Гейл ждала, когда вспыхнет зеленый свет светофора. Она энергично, до отказа нажала на газ и, всем телом чувствуя мощь двигателя, вырулила со стоянки перед салоном Ненси. Через десять-двенадцать секунд в зеркале заднего вида должна была появиться волна следующих за нею машин, но сейчас она была одна, совершенно одна на прямом широком шоссе. Слева проносились огни рекламы, справа — все еще сонные, но с открытыми уже, пустыми гаражами — дома. За шпалерой реклам темнели асфальтированные расчерченные стоянки возле магазинов. По ту сторону скошенных газонов и серых крыш зданий зеленел лес.

«И птицы там есть, наверно! — подумала вдруг Гейл с каким-то светлым удивлением. — Птицы сейчас поют…»

Гейл захотелось остановиться, выйти из машины и побежать в тень под деревья — они были так близко. Но надо спешить, чтобы успеть в больницу вовремя… А теперь — убрать ногу с педали, сбавить скорость, но постепенно — так, чтобы автомобили не нагнали ее до следующих светофоров.

Но почему?

Действительно — почему?

Она едет на службу. Ее ждет до предела заполненный работой день в этой «ловушке», как говорит Ненси.
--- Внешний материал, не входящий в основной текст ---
(* For finite-dimensional $\mathcal H_X,\mathcal H_Y,\mathcal H_A,\mathcal H_B$, the set $\mathrm{LOCC}^*$ of maps from $\mathbf L(\mathcal H_X\otimes\mathcal H_Y)$ to $\mathbf L(\mathcal H_A\otimes\mathcal H_B)$ coincides with the set $\mathrm{SEP}$ of bipartite separable operations.
   Context: A quantum instrument with classical input $i$ is a family $\{\mathcal A_{o|i}\}_o$ (finite index sets) of completely positive linear maps with $\sum_o\mathcal A_{o|i}$ trace preserving for each $i$. $\mathrm{LOCC}^*$ is the set of completely positive trace preserving (CPTP) maps of the form $\mathcal M=\sum_{i_A,i_B,o_A,o_B}p(i_A,i_B|o_A,o_B)\,\mathcal A_{o_A|i_A}\otimes\mathcal B_{o_B|i_B}$, where $\{\mathcal A_{o_A|i_A}\}_{o_A}$ are instruments $\mathbf L(\mathcal H_X)\to\mathbf L(\mathcal H_A)$, $\{\mathcal B_{o_B|i_B}\}_{o_B}$ are instruments $\mathbf L(\mathcal H_Y)\to\mathbf L(\mathcal H_B)$, and $p(i_A,i_B|o_A,o_B)\ge0$ with $\sum_{i_A,i_B}p(i_A,i_B|o_A,o_B)=1$ for all $o_A,o_B$. $\mathrm{SEP}$ is the set of CPTP maps of the form $\sum_{k=1}^L\mathcal E^A_k\otimes\mathcal E^B_k$ with completely positive maps $\mathcal E^A_k:\mathbf L(\mathcal H_X)\to\mathbf L(\mathcal H_A)$, $\mathcal E^B_k:\mathbf L(\mathcal H_Y)\to\mathbf L(\mathcal H_B)$ (equivalently, CPTP maps with Kraus operators of product form $E_k\otimes F_k$). *)

From HB Require Import structures.
From mathcomp Require Import all_boot all_order all_algebra.
From mathcomp Require Export mxtens.
Set Implicit Arguments.
Unset Strict Implicit.
Unset Printing Implicit Defensive.
Import Order.TTheory GRing.Theory Num.Theory.
Local Open Scope ring_scope.

Section Quantum.
Variable C : numClosedFieldType.

Definition psd (n : nat) (A : 'M[C]_n) : Prop :=
  forall v : 'cV[C]_n, 0 <= ((map_mx Num.conj v)^T *m A *m v) 0 0.

(* The bipartite space C^m (x) C^n is C^(m*n) with the Kronecker indexing of
   mxtens (index (i,k) |-> i*n + k). *)
Definition tensmap (x y a b : nat) (E : 'M[C]_x -> 'M[C]_a)
  (F : 'M[C]_y -> 'M[C]_b) (M : 'M[C]_(x * y)) : 'M[C]_(a * b) :=
  \sum_(i < x) \sum_(j < x) \sum_(k < y) \sum_(l < y)
     M (mxtens_index (i, k)) (mxtens_index (j, l))
       *: (E (delta_mx i j) *t F (delta_mx k l)).

Definition CP (x a : nat) (E : 'M[C]_x -> 'M[C]_a) : Prop :=
  linear E /\
  forall (k : nat) (M : 'M[C]_(k * x)),
    psd M -> psd (tensmap (fun N : 'M[C]_k => N) E M).

Definition TP (x a : nat) (E : 'M[C]_x -> 'M[C]_a) : Prop :=
  forall M : 'M[C]_x, \tr (E M) = \tr M.

Definition CPTP (x a : nat) (E : 'M[C]_x -> 'M[C]_a) : Prop := CP E /\ TP E.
Милая Ненси! Она никогда не бывала в больнице, но ненавидела ее. Ненавидела кирпичный ее фасад, ненавидела изувеченных, больных юношей, которые находились там, хотя лично у нее не было никаких на то оснований. У нее никто не погиб в этой грязной вьетнамской войне, и Сезаро — итальянец, с которым она жила в последнее время и который пропивал ее деньги, — никогда не был солдатом.

«Не каждому так повезло!» — подумала Гейл, чувствуя, как от одной мысли о больнице и о войне что-то в ней замерло и напряглось, словно до предела натянутая струна.

Эта война встряхнула, заставила проснуться, задуматься над старыми, давно известными истинами, которые вдруг обрели новое, болезненно острое значение. И хотя многие сейчас забыли о войне или просто пытались о ней не вспоминать, Гейл чувствовала: кровь, пролитая по ту сторону океана, кричит в тысячах таких же, как она, людей, терзаемых одиночеством. Тысячи таких же, как она, людей, бессонными ночами глядя в темноту, задают себе этот вопрос: «Почему?..»

Почему и кому было нужно все это?

Она была спокойна, ее руки уверенно лежали на баранке. Совершенно ясно отдавала она себе отчет в том, что произошло с Джонатаном, и в то же время боялась. Ужасно боялась думать обо всем, что так или иначе было связано с ним: о том, как пахнет его кожа, о том, как гладко его плечо, о его припухшей губе. Она боялась вспомнить о тихом своем счастливом смехе. Потому что Джонатан тогда оживал, с губ ее срывалось: «Джонатан, милый!» — и все рушилось. Весь упорядоченный, прочный, реальный мир в ее сознании метался, превращаясь в хаос.

«Джонатан, Джонатан, где ты?» — всхлипнула она, не в силах более сдерживать душившее ее горе.

И словно никогда не было ни утренней прохлады, ни чистой и ясной зари, ни зеленых деревьев с поющими птицами; словно все было сном, в котором переплелись и боль, и сумасшедшая надежда, и глубоко осознанное отчаяние.

Опять вслух позвала его по имени?..

Неужто она сегодня так недолго держала себя в руках?

До каких же пор это будет продолжаться?